江戸時代に誕生した津軽塗
津軽塗の歴史は、約300年前の江戸時代元禄年間まで遡り、津軽藩四代藩主信政(1656~1710)の時代に、津軽藩召し抱えの塗師池田源兵衛によって始められたと伝えられています。江戸時代を通じて津軽藩の保護・育成の下、主に藩の調度品として用いられてきましたが、明治初期に産業として確立した後は、人々に親しまれる愛玩品として幅広く使われるようになり、今日に至っています。
約50もの工程を経て完成
津軽塗は、ヒバの素地から塗り、研ぎ、磨きを繰り返し、約50もの長い工程を経て完成される堅牢優美な塗物です。唐塗、七々子塗、紋紗塗、錦塗の伝統的な4つの技法は現在まで脈々と受け継がれ、現代風のアレンジも加え、多様な紋様を生み出しています。昭和50年に国の伝統的工芸品に指定されました。
唐塗
津軽塗の代表格であり、現在最も多く生産されています。 唐塗独特の複雑な斑点模様は、何度も塗っては乾かし、そして研ぐという作業を繰り返し、 全部で四十八の工程から生み出されます。
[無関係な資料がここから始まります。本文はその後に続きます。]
Lemma addr_mul_gt0 (R : realDomainType) (a b t : R) :
  0 < a -> 0 <= b -> 0 <= t -> 0 < a + t * b.
Proof. by move=> a_gt0 b_ge0 t_ge0; rewrite ltr_wpDr ?mulr_ge0. Qed.

Lemma addr_mul_ge0 (R : realDomainType) (a b t : R) :
  0 <= a -> 0 <= b -> 0 <= t -> 0 <= a + t * b.
Proof. by move=> a_ge0 b_ge0 t_ge0; rewrite addr_ge0 ?mulr_ge0. Qed.

Ltac horner_pos :=
  repeat match goal with
  | |- is_true (0 < _ + _ * _) => apply: addr_mul_gt0
  | |- is_true (0 <= _ + _ * _) => apply: addr_mul_ge0
  end; try lra.

Section ExponentialBounds.

Context {R : realFieldType}.

Lemma cubic_le_exprD1 (x : R) (k : nat) : 0 <= x ->
  1 + k%:R * x + ('C(k, 2))%:R * x ^+ 2 + ('C(k, 3))%:R * x ^+ 3 <= (1 + x) ^+ k.
Proof.
move=> x_ge0; elim: k => [|k IHk]; first by rewrite !bin0n /= !mulr0n; lra.
rewrite !binS bin1 !natrD -natr1.
set a := ('C(k, 2))%:R; set b := ('C(k, 3))%:R.
have b_ge0 : 0 <= b by apply: ler0n.
have bx4_ge0 : 0 <= b * x ^+ 4 by rewrite mulr_ge0 ?exprn_ge0.
apply: le_trans (_ : (1 + x) * (1 + k%:R * x + a * x ^+ 2 + b * x ^+ 3) <= _).
  by rewrite -subr_ge0 (_ : _ - _ = b * x ^+ 4) //; ring.
by rewrite [(1 + x) ^+ k.+1]exprS ler_wpM2l //; lra.
Qed.

Definition e2_upper (M : nat) : R := (M.+1%:R / M%:R) ^+ (2 * M).+1.

Lemma e2_upperS_le (M : nat) : (1 <= M)%N -> e2_upper M.+1 <= e2_upper M.
Proof.
move=> M_ge1; rewrite /e2_upper.
have M_ge1R : 1 <= M%:R :> R by rewrite ler1n.
have -> : (2 * M.+1).+1 = ((2 * M).+1 + 2)%N by lia.
set K := (2 * M).+1; set q : R := M.+2%:R / M.+1%:R.
set x : R := 1 / (M%:R * (M%:R + 2)).
have -> : M.+1%:R / M%:R = q * (1 + x) by rewrite /q /x -!natr1; field; lra.
rewrite exprD [X in _ <= X]exprMn ler_wpM2l ?exprn_ge0 ?divr_ge0 //.
have x_ge0 : 0 <= x by rewrite divr_ge0 // mulr_ge0 //; lra.
apply: le_trans _ (cubic_le_exprD1 x K x_ge0).
rewrite !natr_binr ?/K; try lia.
rewrite !binrS binr0 /q /x -!natr1 natrM -subr_ge0.
rewrite (_ : _ - _ = (78 + (M%:R - 1) * (220 + (M%:R - 1) * (220 + (M%:R - 1)
      * (96 + (M%:R - 1) * (20 + (M%:R - 1) * 2)))))
   / (6 * (M%:R * (M%:R + 2)) ^+ 3 * (M%:R + 1) ^+ 2)); last by field; lra.
by rewrite divr_ge0 ?mulr_ge0 ?exprn_ge0 //; [horner_pos | lra..].
Qed.

Lemma e2_upper_le (M : nat) : (89 <= M)%N -> e2_upper M <= e2_upper 89.
Proof.
move=> /subnKC <-; elim: (M - 89)%N => [|d IHd]; first by rewrite addn0.
by rewrite addnS (le_trans _ IHd) // e2_upperS_le.
Qed.

Definition econst : R := (36 * 1000 + 787) / (100 * 1000).

Lemma econst_ge0 : 0 <= econst.
Proof. rewrite /econst; lra. Qed.

Lemma econst_sqr_e2_upper : econst ^+ 2 * e2_upper 89 <= 1.
Proof. rewrite /econst /e2_upper; lra. Qed.

Lemma sqrt1B_taylor_le (u : R) : 0 < u -> u <= 1 / 90 ->
  0 <= 1 - u / 2 - u ^+ 2 / 2 /\ (1 - u / 2 - u ^+ 2 / 2) ^+ 2 <= 1 - u.
Proof.
move=> u_gt0 u_small.
have u2_ge0 : 0 <= u ^+ 2 by rewrite exprn_ge0 // ltW.
have u2_le : u * u <= u * (1 / 90) by rewrite ler_wpM2l // ltW.
have u3_le : u ^+ 2 * u <= u ^+ 2 * (1 / 90) by rewrite ler_wpM2l.
have u4_le : u ^+ 2 * u ^+ 2 <= u ^+ 2 * (1 / 90).
  by rewrite ler_wpM2l // expr2; lra.
split; first by rewrite expr2; lra.
have -> : (1 - u / 2 - u ^+ 2 / 2) ^+ 2
    = 1 - u - 3 / 4 * u ^+ 2 + u ^+ 2 * u / 2 + u ^+ 2 * u ^+ 2 / 4 by field.
lra.
Qed.

Lemma expr_ge_of_sqr (M k : nat) {c w s : R} : 0 <= c -> 0 <= w -> 0 <= s ->
  s ^+ 2 <= w -> c ^+ 2 <= w ^+ (2 * M).+1 -> c * w ^+ k * s <= w ^+ (M.+1 + k).
Proof.
move=> c_ge0 w_ge0 s_ge0 s2_le c2_le.
have wk_ge0 : 0 <= w ^+ k := exprn_ge0 _ w_ge0.
rewrite -ler_sqr ?nnegrE ?exprn_ge0 ?mulr_ge0 //.
have -> : (w ^+ (M.+1 + k)) ^+ 2 = w ^+ (2 * M).+1 * (w ^+ k) ^+ 2 * w.
  by rewrite -!exprM -!exprD -exprSr; congr (_ ^+ _); lia.
by rewrite !exprMn ler_pM ?mulr_ge0 ?exprn_ge0 // ler_wpM2r ?exprn_ge0.
Qed.

Definition sqrt1B_approx (y : R) : R := 1 - 1 / (2 * y) - 1 / (2 * y ^+ 2).

Lemma expr1B_inv_ge (N k : nat) : (90 <= N)%N ->
  econst * (1 - 1 / N%:R) ^+ k * sqrt1B_approx N%:R <= (1 - 1 / N%:R) ^+ (N + k).
Proof.
case: N => [|M] N_ge90; first by [].
have M_ge89 : 89 <= M%:R :> R by rewrite (ler_nat _ 89).
set u : R := 1 / M.+1%:R.
have u_gt0 : 0 < u by rewrite /u -natr1 divr_gt0 //; lra.
have u_small : u <= 1 / 90.
  by rewrite /u -natr1 ler_pdivrMr; [rewrite mul1r mulrC -ler_pdivrMr; lra | lra].
have w_ge0 : 0 <= 1 - u by lra.
have -> : sqrt1B_approx M.+1%:R = 1 - u / 2 - u ^+ 2 / 2.
  by rewrite /sqrt1B_approx /u -natr1; field; lra.
have [s_ge0 s2_le] := @sqrt1B_taylor_le u u_gt0 u_small.
apply: (expr_ge_of_sqr M k econst_ge0 w_ge0 s_ge0 s2_le).
have e2_upper_w : e2_upper M * (1 - u) ^+ (2 * M).+1 = 1.
  by rewrite /e2_upper -exprMn /u -natr1 (_ : _ * _ = 1) ?expr1n //; field; lra.
apply: le_trans (_ : econst ^+ 2 * (e2_upper M * (1 - u) ^+ (2 * M).+1) <= _).
  by rewrite e2_upper_w mulr1.
rewrite mulrA -[X in _ <= X]mul1r ler_wpM2r ?exprn_ge0 //.
apply: le_trans _ econst_sqr_e2_upper; rewrite ler_wpM2l ?exprn_ge0 ?econst_ge0 //.
by rewrite e2_upper_le //; lia.
Qed.

End ExponentialBounds.

Definition psum (n m : nat) : rat :=
  \sum_(0 <= k < m) ('C(n, k))%:R * (m%:R / (n - m)%:R) ^+ k.

(* The difference of the two sides equals [p / (D * (n - m)^(m + 2))], with [p] a
   polynomial in [n - 100] with nonnegative coefficients.  Large constants are
   written in base 1000, as ring numerals are built from unary naturals. *)
Tactic Notation "psum_certificate" uconstr(p) uconstr(D) :=
  match goal with
  | n_ge100 : is_true (100 <= ?n)%N |- is_true (psum ?n ?m < _) =>
    have n_ge100R : 100 <= n%:R :> rat by [rewrite (ler_nat _ 100)];
    rewrite /psum !big_mkord !big_ord_recr !big_ord0 /= !natrB ?natr_binr; try lia;
    rewrite !binrS binr0 -subr_gt0 (_ : _ - _ = p / (D * (n%:R - m%:R) ^+ m.+2));
    [ apply: divr_gt0; [horner_pos | apply: mulr_gt0; [lra | apply: exprn_gt0; lra]]
    | rewrite /econst /sqrt1B_approx; field; lra ]
  end.

Lemma psum_lt_scaled_succ1 (n : nat) : (100 <= n)%N ->
  psum n 1 < econst * (1 - 1 / (n - 1)%:R) ^+ 1 * sqrt1B_approx (n - 1)%:R * psum n 2.
Proof.
move=> n_ge100; psum_certificate
  ((((19 * 1000 + 731) * 1000 + 382) * 1000 + 52)
    + (n%:R - 100) * (((601 * 1000 + 857) * 1000 + 992)
    + (n%:R - 100) * (((6 * 1000 + 117) * 1000 + 647)
    + (n%:R - 100) * (20 * 1000 + 722))))
  (200 * 1000).
Qed.

Lemma psum_lt_scaled_succ2 (n : nat) : (100 <= n)%N ->
  psum n 2 < econst * (1 - 1 / (n - 2)%:R) ^+ 2 * sqrt1B_approx (n - 2)%:R * psum n 3.
Proof.
move=> n_ge100; psum_certificate
  (((((4 * 1000 + 584) * 1000 + 685) * 1000 + 186) * 1000 + 394)
    + (n%:R - 100) * ((((188 * 1000 + 231) * 1000 + 414) * 1000 + 269)
    + (n%:R - 100) * ((((2 * 1000 + 896) * 1000 + 805) * 1000 + 880)
    + (n%:R - 100) * (((19 * 1000 + 805) * 1000 + 403)
    + (n%:R - 100) * (50 * 1000 + 758)))))
  (400 * 1000).
Qed.

Lemma psum_lt_scaled_succ3 (n : nat) : (100 <= n)%N ->
  psum n 3 < econst * (1 - 1 / (n - 3)%:R) ^+ 3 * sqrt1B_approx (n - 3)%:R * psum n 4.
Proof.
move=> n_ge100; psum_certificate
  ((((((1 * 1000 + 48) * 1000 + 427) * 1000 + 178) * 1000 + 237) * 1000 + 120)
    + (n%:R - 100) * (((((54 * 1000 + 245) * 1000 + 988) * 1000 + 746) * 1000 + 592)
    + (n%:R - 100) * (((((1 * 1000 + 122) * 1000 + 72) * 1000 + 43) * 1000 + 296)
    + (n%:R - 100) * ((((11 * 1000 + 598) * 1000 + 893) * 1000 + 432)
    + (n%:R - 100) * (((59 * 1000 + 918) * 1000 + 847)
    + (n%:R - 100) * (123 * 1000 + 754))))))
  (600 * 1000).
Qed.

Lemma psum_lt_scaled_succ4 (n : nat) : (100 <= n)%N ->
  psum n 4 < econst * (1 - 1 / (n - 4)%:R) ^+ 4 * sqrt1B_approx (n - 4)%:R * psum n 5.
Proof.
move=> n_ge100; psum_certificate
  (((((((1 * 1000 + 443) * 1000 + 340) * 1000 + 763) * 1000 + 133) * 1000) * 1000)
    + (n%:R - 100) * ((((((90 * 1000 + 295) * 1000 + 380) * 1000 + 76) * 1000 + 868) * 1000 + 750)
    + (n%:R - 100) * ((((((2 * 1000 + 352) * 1000 + 177) * 1000 + 962) * 1000 + 433) * 1000 + 125)
    + (n%:R - 100) * (((((32 * 1000 + 659) * 1000 + 121) * 1000 + 522) * 1000 + 625)
    + (n%:R - 100) * ((((254 * 1000 + 919) * 1000 + 584) * 1000 + 325)
    + (n%:R - 100) * ((((1 * 1000 + 60) * 1000 + 602) * 1000 + 529)
    + (n%:R - 100) * ((1 * 1000 + 837) * 1000 + 606)))))))
  ((4 * 1000 + 800) * 1000).
Qed.

Lemma psum_lt_scaled_succ5 (n : nat) : (100 <= n)%N ->
  psum n 5 < econst * (1 - 1 / (n - 5)%:R) ^+ 5 * sqrt1B_approx (n - 5)%:R * psum n 6.
Proof.
move=> n_ge100; psum_certificate
  (((((((165 * 1000 + 811) * 1000 + 395) * 1000 + 968) * 1000 + 996) * 1000 + 935) * 1000 + 680)
    + (n%:R - 100) * (((((((12 * 1000 + 190) * 1000 + 659) * 1000 + 802) * 1000 + 986) * 1000 + 917) * 1000 + 24)
    + (n%:R - 100) * ((((((383 * 1000 + 830) * 1000 + 693) * 1000 + 434) * 1000 + 629) * 1000 + 664)
    + (n%:R - 100) * ((((((6 * 1000 + 709) * 1000 + 199) * 1000 + 56) * 1000 + 136) * 1000 + 932)
    + (n%:R - 100) * (((((70 * 1000 + 316) * 1000 + 522) * 1000 + 111) * 1000 + 830)
    + (n%:R - 100) * ((((441 * 1000 + 888) * 1000 + 126) * 1000 + 606)
    + (n%:R - 100) * ((((1 * 1000 + 541) * 1000 + 783) * 1000 + 561)
    + (n%:R - 100) * ((2 * 1000 + 304) * 1000 + 78))))))))
  ((3 * 1000) * 1000).
Qed.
完成までには最低でも一ヶ月半~二ヶ月を要します。
七々子塗
ななこ塗は研ぎ出し変わり塗りの技法の一種で、その特徴は、模様をつけるために菜の花の種を蒔き付けることです。 菜種による小さな輪紋の集まりが魚の卵を連想させる模様から、「七子」「魚子」「菜々子」「斜子」などの文字が当てられています。
紋紗塗
津軽塗の技法の一つ、紋紗塗は、黒漆の模様に紗(津軽地方ではもみ殻のことを紗と呼びます)の炭粉を蒔き、 研ぎ出して磨き仕上げされた高度な技術を要する塗です。
現代の津軽塗
津軽塗の伝統の世界で、普段使いもできるアイテムの製作に取り組んでいる若手も増えています。これは、ハート形のペンダント。現代の暮らしに津軽の伝統を溶け込ませるアイテムです。